Hi,
I'd like to learn how you use the Java client API for Elasticsearch and
what your experiences are so far.
My scenario is a web app (*.war or similar) running on an app server ( e.g.
Glassfish, JBoss etc.) installed as a front-end (for security, query
translation) to Elasticsearch. The cluster can be remote (but need not to
be remote).
I need robust access, that is, each query or indexing request must be
reliably answered by a success or failure event and of course I need fast
response times.
There are at least three variants:
a) a Node in client mode
b) a TransportClient
c) the REST API (HTTP port 9200)
Let's discuss some of the pros (+) & cons (-) from my naive view as an app
developer:
a) + zero-conf, out-of-the box cluster discovery
+ automatic failover
+ fluent API interface
- overhead of internal node joining the cluster(?)
- missing network interface setup
- unreadable binary protocol over port 9300
b) + almost zero-conf, configurable network interface setup
+ automatic failover
+ fluent API interface
- slight overhead of TransportClient node when joining the cluster
(finding the currently reachable nodes)
- additional "sniff" mode for automatic node (re)discovery
- unreadable binary protocol over port 9300
c) + readable protocol over port 9200 (HTTP)

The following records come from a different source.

Lemma exists_weighted_mean_ge (I : finType) (c : I -> nat) (X : I -> R) :
  (0 < \sum_i c i)%N ->
  exists i, (0 < c i)%N /\ (\sum_i c i)%:R * X i <= \sum_i (c i)%:R * X i.
Proof.
rewrite lt0n sum_nat_seq_neq0 => /hasP[i0 _ /= ci0]; rewrite -lt0n in ci0.
case: (@arg_minP _ _ _ i0 (fun i => 0 < c i)%N X ci0) => i ci Xmin.
exists i; split=> //; rewrite natr_sum mulr_suml; apply: ler_sum => j _.
have [->|cj] := posnP (c j); first by rewrite !mul0r.
by rewrite ler_wpM2l //; apply: Xmin.
Qed.

Lemma exists_mem_le_mean (T : finType) (f : T -> R) (A : {set T}) x0 :
  x0 \in A -> exists2 x, x \in A & #|A|%:R * f x <= \sum_(y in A) f y.
Proof.
move=> Ax0; case: (@arg_minP _ _ _ x0 (mem A) f Ax0) => x Ax fmin.
by exists x => //; rewrite mulr_natl -sumr_const; apply: ler_sum => y /fmin.
Qed.

Lemma exists_subset_mean_ge (T : finType) (f : T -> R) (k : nat) (A : {set T}) :
  (k <= #|A|)%N -> exists K : {set T}, [/\ K \subset A, #|K| = k &
    k%:R * \sum_(g in A) f g <= #|A|%:R * \sum_(g in K) f g].
Proof.
case: k => [|k] leA.
  by exists set0; rewrite sub0set cards0 big_set0 mul0r mulr0.
move Ht: #|A| => t; rewrite Ht in leA.
elim: t A Ht leA => // t IH A Ht leA.
have [kt|ltA] := eqVneq k t; first by exists A; split; rewrite ?subxx ?Ht ?kt.
have [x0 Ax0] : exists x, x \in A by apply/card_gt0P; rewrite Ht.
have [x Ax fx_le] := exists_mem_le_mean f Ax0.
have cardA' : #|A :\ x| = t by move: Ht; rewrite (cardsD1 x) Ax => -[].
have lt_kt : (k < t)%N by rewrite ltn_neqAle ltA.
have [K [KA' cardK fK]] := IH (A :\ x) cardA' lt_kt.
exists K; split=> //; first exact: subset_trans KA' (subsetDl _ _).
rewrite (big_setD1 _ Ax) /= in fx_le *; rewrite Ht in fx_le.
have t_gt0 : 0 < t%:R :> R by rewrite ltr0n (leq_ltn_trans (leq0n k) lt_kt).
set a := \sum_(y in A :\ x) f y in fK fx_le *; set b := \sum_(y in K) f y in fK *.
have fx_le_a : t%:R * f x <= a by move: fx_le; rewrite -addn1 natrD mulrDl mul1r addrC lerD2r.
rewrite -(ler_pM2l t_gt0).
apply: (@le_trans _ _ (t.+1%:R * (k.+1%:R * a))).
  have := ler_wpM2l (ler0n R k.+1) fx_le_a; rewrite -natr1; lra.
by rewrite [t%:R * _]mulrCA ler_wpM2l.
Qed.

End Averaging.

Section Assignment.
Variables (R : realFieldType) (T I : finType) (v : I -> T -> R).

Definition capacity_value (c : I -> nat) (g : T) : R := \sum_i (c i)%:R * v i g.

Lemma capacity_value_dec (c : I -> nat) j g : (0 < c j)%N ->
  capacity_value (fun i => c i - (i == j))%N g = capacity_value c g - v j g.
Proof.
move=> cj; rewrite /capacity_value (bigD1 j) //= [in RHS](bigD1 j) //= eqxx.
rewrite natrB // mulrBl mul1r addrAC; congr (_ + _ - _).
by apply: eq_bigr => i /negbTE ->; rewrite subn0.
Qed.

Lemma sum_capacity_value_sub (c : I -> nat) g :
  \sum_j (c j)%:R * (capacity_value c g - v j g) =
  ((\sum_j c j)%:R - 1) * capacity_value c g.
Proof.
under [LHS]eq_bigr do rewrite mulrBr.
by rewrite sumrB -mulr_suml -natr_sum mulrBl mul1r.
Qed.

Lemma exists_owner_above_mean (c : I -> nat) (L : {set T}) g0 :
  g0 \in L -> (#|L| <= \sum_i c i)%N ->
  exists j, (0 < c j)%N /\ \sum_(g in L) capacity_value c g <=
    (\sum_i c i)%:R * (v j g0 + (\sum_(g in L :\ g0) (capacity_value c g - v j g))
                                 / ((\sum_i c i)%:R - 1)).
Proof.
move=> Lg0 capL; set C := (\sum_i c i)%N in capL *.
have C_gt0 : (0 < C)%N by apply: leq_trans capL; apply/card_gt0P; exists g0.
(* Giving g0 to j and the rest of L inductively, with c j lowered by one,
   yields a value of at least [Y j]; the c-weighted mean of [Y] is the target. *)
pose Y j := v j g0 + (\sum_(g in L :\ g0) (capacity_value c g - v j g)) / (C%:R - 1).
suff sum_Y : \sum_(g in L) capacity_value c g = \sum_j (c j)%:R * Y j.
  by have [j [cj mean_le]] := exists_weighted_mean_le Y C_gt0; exists j; rewrite sum_Y.
rewrite (big_setD1 _ Lg0) /=.
under [RHS]eq_bigr do rewrite mulrDr mulrA.
rewrite big_split /= -mulr_suml; congr (_ + _).
have [C1|C1] := eqVneq (C%:R - 1 : R) 0.
  (* the junk value [x / 0 = 0] is harmless: with a single unit of capacity, [L :\ g0] is empty *)
  have -> : L :\ g0 = set0.
    have C_eq1 : C = 1%N by apply/eqP; rewrite -(eqr_nat R) -subr_eq0 C1.
    by apply: cards0_eq; move: capL; rewrite (cardsD1 g0) Lg0 C_eq1 add1n ltnS leqn0 => /eqP.
  by rewrite big_set0 big1 ?mul0r // => i _; rewrite big_set0 mulr0.
suff -> : \sum_j (c j)%:R * \sum_(g in L :\ g0) (capacity_value c g - v j g) =
          (C%:R - 1) * \sum_(g in L :\ g0) capacity_value c g.
  by rewrite mulrC mulrA mulVf ?mul1r.
rewrite (eq_bigr (fun j => \sum_(g in L :\ g0) (c j)%:R * (capacity_value c g - v j g))).
  by rewrite exchange_big mulr_sumr; apply: eq_bigr => g _; apply: sum_capacity_value_sub.
by move=> i _; rewrite mulr_sumr.
Qed.

Lemma exists_capacitated_assignment (i0 : I) (c : I -> nat) (L : {set T}) :
  (#|L| <= \sum_i c i)%N ->
  exists sigma : T -> I,
    (forall i, #|[set g in L | sigma g == i]| <= c i)%N /\
    \sum_(g in L) capacity_value c g <= (\sum_i c i)%:R * \sum_(g in L) v (sigma g) g.
Proof.
move Ht: #|L| => t; elim: t L c Ht => [|t IH] L c Ht capL.
  exists (fun=> i0); rewrite (cards0_eq Ht) !big_set0 mulr0; split=> // i.
  by rewrite (_ : [set g in set0 | _] = set0) ?cards0 //; apply/setP => g; rewrite !inE.
have [g0 Lg0] : exists g0, g0 \in L by apply/card_gt0P; rewrite Ht.
have capL' : (#|L| <= \sum_i c i)%N by rewrite Ht.
have [j [cj L_le]] := exists_owner_above_mean Lg0 capL'.
set C := (\sum_i c i)%N in capL L_le.
pose c' i := (c i - (i == j))%N.
have sum_c' : (\sum_i c' i = C - 1)%N.
  rewrite /C (bigD1 j) //= [in RHS](bigD1 j) //= /c' eqxx.
  rewrite (eq_bigr c) => [|i /negbTE ->]; last by rewrite subn0.
  by move: cj; lia.
have cardL' : #|L :\ g0| = t by move: Ht; rewrite (cardsD1 g0) Lg0 => -[].
have [|sigma' [cap' val']] := IH (L :\ g0) c' cardL'; first by rewrite sum_c'; lia.
exists (fun g => if g == g0 then j else sigma' g); split.
  move=> i; rewrite (cardsD1 g0) inE Lg0 eqxx /=.
  rewrite (_ : _ :\ g0 = [set g in L :\ g0 | sigma' g == i]); last first.
    by apply/setP => g; rewrite !inE; case: eqP.
  have [-> | ij] := eqVneq i j.
    by move: (cap' j); rewrite /c' eqxx; lia.
  by move: (cap' i); rewrite /c' (negbTE ij) subn0.
rewrite [X in _ <= _ * X](big_setD1 _ Lg0) /= eqxx.
apply: (le_trans L_le); rewrite ler_wpM2l // lerD2l.
rewrite (eq_bigr (fun g => v (sigma' g) g)) => [|g]; last by rewrite !inE => /andP[/negbTE ->].
move: val'; rewrite sum_c' (eq_bigr (fun g => capacity_value c g - v j g)) => [|g _]; last first.
  exact: capacity_value_dec.
have [t0 | t_gt0] := posnP t.
  by rewrite (cards0_eq (etrans cardL' t0)) !big_set0 mul0r.
have C_gt1 : (1 < C)%N by lia.
by rewrite natrB ?(ltnW C_gt1) // ler_pdivrMr ?subr_gt0 ?ltr1n // mulrC.
Qed.

End Assignment.

Section Allocations.
Variables (n m : nat).

Lemma big_bundles (V : Type) (idx : V) (op : Monoid.com_law idx) (A : alloc n m)
    (F : 'I_m -> V) :
  \big[op/idx]_i \big[op/idx]_(g in bundle A i) F g = \big[op/idx]_g F g.
Proof.
rewrite [RHS](partition_big A xpredT) //=.
by apply: eq_bigr => i _; apply: eq_bigl => g; rewrite inE.
Qed.

Lemma card_bundles (A : alloc n m) (P : {set 'I_m}) :
  #|P| = (\sum_i #|P :&: bundle A i|)%N.
Proof.
rewrite -sum1_card (partition_big A xpredT) //=.
by apply: eq_bigr => i _; rewrite -sum1_card; apply: eq_bigl => g; rewrite !inE.
Qed.

Variables (R : realFieldType) (v : 'I_n -> 'I_m -> R).

Lemma USW_ownerE (A : alloc n m) : USW v A = \sum_g v (A g) g.
Proof.
rewrite -(big_bundles _ A); apply: eq_bigr => i _.
by apply: eq_bigr => g; rewrite inE => /eqP ->.
Qed.

Lemma usw_optimal_owner_ge (A : alloc n m) :
  usw_optimal v A -> forall i g, v i g <= v (A g) g.
Proof.
move=> A_opt i g; have := A_opt [ffun x => if x == g then i else A x].
rewrite !USW_ownerE (bigD1 g) //= [leRHS](bigD1 g) //= ffunE eqxx.
by rewrite (eq_bigr (fun x => v (A x) x)) ?lerD2r // => x /negbTE xg; rewrite ffunE xg.
Qed.

End Allocations.

Section Reallocation.
Variables (R : realFieldType) (n m k : nat) (v : 'I_n -> 'I_m -> R) (Astar : alloc n m).

Local Notation load i := #|bundle Astar i|.

Definition slack (i : 'I_n) : nat := k - load i.

Definition total_slack : nat := \sum_i slack i.

Definition gain (g : 'I_m) : R :=
  total_slack%:R * v (Astar g) g - capacity_value v slack g.

(* The factor [min(k, |A*_j|) / |A*_j|] is [k / |A*_j|] for j in S and 1 (or
   [0 / 0 = 0]) otherwise. *)
Definition envy_bound (i : 'I_n) : R :=
  1 + \sum_j ((minn k (load j))%:R / (load j)%:R) *
        (util v j (bundle Astar j) - util v i (bundle Astar j)).

Lemma sum_slack_envy j :
  \sum_i (slack i)%:R * (util v j (bundle Astar j) - util v i (bundle Astar j)) =
  \sum_(g in bundle Astar j) gain g.
Proof.
under eq_bigr do rewrite mulrBr.
rewrite sumrB /gain sumrB -mulr_suml -natr_sum; congr (_ - _).
  by rewrite /util mulr_sumr; apply: eq_bigr => g; rewrite inE => /eqP ->.
by rewrite /util /capacity_value exchange_big /=; apply: eq_bigr => i _; rewrite mulr_sumr.
Qed.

- no zero-conf cluster discovery, failover only with external load
balancer
- overhead of JSON/Java serialization and de-serialization
Right now, I decided to go with b)
My assumption was I could manage a TransportClient singleton as a
long-lived object. I struggled with connections being apparently dropped
(after a certain length of inactivity?), so subsequent client operations
gave "no node available" - without being able to refresh the connection by
an API method. It's a challenge to understand how keep-alive connections
can be configured with TransportClient - after a period of 5000ms by
default, the communication seems to time out? Closing and re-opening a
TransportClient in a web app environment looks like an expensive operation,
because in the background there are extra threads running for watching the
connection, but unfortunately I do so - with each query, I open a new
TransportClient object. This works reliable but adds to the overall
turn-around of a request/response cycle, so it will not scale I am afraid.
I am aware kimchy is working hard to improve the TransportClient internals
but I am curious to learn about the optimal management of the life cyle of
a TransportClient object (singleton or not) and if sharing of requests via
a single TransportClient by multiple threads is recommended.
Additionally, I use the admin client via the TransportClient to issue a
cluster health check command, so in case of a "red" state,
querying/indexing can be interrupted at the app layer. This adds some more
overhead to each access via the Java client API but is more robust because
the web app could in case report a cluster availability problem to the user.
So what are your experiences? Are my assumptions valid? Do I miss
something? Is a), b) or c) preferable for a web app front-end scenario? Do
you have some advise for best practice?
Best regards,
Jörg